What's left of it. The fight that saw off his right ear all but did for his left, which is raw and frayed, oozes intermittently and is usually covered with flies.

That's the trouble with dog lovers. They're blind to the basic social niceties. They wouldn't dream of taking a cantankerous, incontinent, malodorous octogenarian great aunt on a two- hour drive in the back of a car, but they think nothing of inflicting their antisocial dogs on you.

The idea of cloning Hannibal is repugnant. The first time I met him, he bit me, admittedly more a nip than a bite, but while I'm bound to agree with Gina that his bark is worse than his bite, his halitosis beats both, hands down. If you can teach chimpanzees to pour tea, why can't dogs be taught to brush their teeth?

I'll probably change my tune about dogs when I'm old, cantankerous and incontinent with no one to love me but a smelly old pooch. Unless, of course, I get a cat like Meg, my mother's 16-year-old moggy. Now there's a pet I wouldn't mind cloning.
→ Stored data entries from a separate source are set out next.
(* Let $F$ be a forest and let $\ell(F)$ be the length (number of edges) of a longest path in $F$. Then $\chi_{\mathrm{g}}(F)=2$ if and only if either $1\le \ell(F)\le 2$, or $\ell(F)=3$, $|V(F)|$ is odd, and every component of $F$ with diameter $3$ is a path.
   Context: The $t$-coloring game on a finite graph $G$ with a set $C$ of $t$ colors: Alice and Bob alternate turns, Alice first, each coloring an uncolored vertex with a color from $C$ that is legal (not used on any neighbor of the vertex). Bob wins if at some point an uncolored vertex has no legal color available; otherwise Alice wins when all vertices are colored. The game chromatic number $\chi_{\mathrm{g}}(G)$ is the least $t$ such that Alice has a winning strategy in the $t$-coloring game on the initially uncolored graph $G$. *)

From mathcomp Require Import all_boot.
Set Implicit Arguments. Unset Strict Implicit. Unset Printing Implicit Defensive.

(* A finite simple graph: vertex type T : finType, adjacency e : rel T,
   assumed symmetric and irreflexive (hypotheses of the theorem). *)

(* partial colorings with colors 'I_t ; None = uncolored *)
Definition pcol (T : finType) (t : nat) := {ffun T -> option 'I_t}.

Definition legal (T : finType) (e : rel T) t (c : pcol T t) (v : T) (k : 'I_t) : bool :=
  (c v == None) && [forall u, e v u ==> (c u != Some k)].

(* some uncolored vertex has no legal color: Bob has won *)
Definition stuck (T : finType) (e : rel T) t (c : pcol T t) : bool :=
  [exists v, (c v == None) && [forall k : 'I_t, ~~ legal e c v k]].

Definition all_colored (T : finType) t (c : pcol T t) : bool :=
  [forall v, c v != None].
Unlike dogs, cats are meticulous about personal hygiene and can be just as friendly. There are many other ways a pet can show affection other than Hannibal's wild stampede as soon as the doorbell rings, followed by huge forepaws on your chest and an even huger tongue slavering all over your face. There's Meg's deep-throated purr as she rubs her smooth back against your legs, and for the connoisseur like Joe there's Boa, his constrictor, slivering down the banisters, her tongue darting expectantly for the kiss he always gives her. Ugh.

The greatest proof of affection an owner can show his pet must be to have it cloned, I suppose, though I once sat next to a nutter who said he never went anywhere without his stuffed, dead Siamese cat called Fu Man Chu or Phooey for short. It was a TV programme about pampered pets, and halfway through he reached under his chair for a wooden box and produced Phooey who looked exactly like one of those zip-up pyjama cases, except it smelt of formaldehyde.

The nutter said it was the ultimate proof of his love. I said I loved my mother but I didn't intend to stuff her and carry her about in a box. I wonder if anyone loves Snuppy. What was that - did I hear someone say delicious?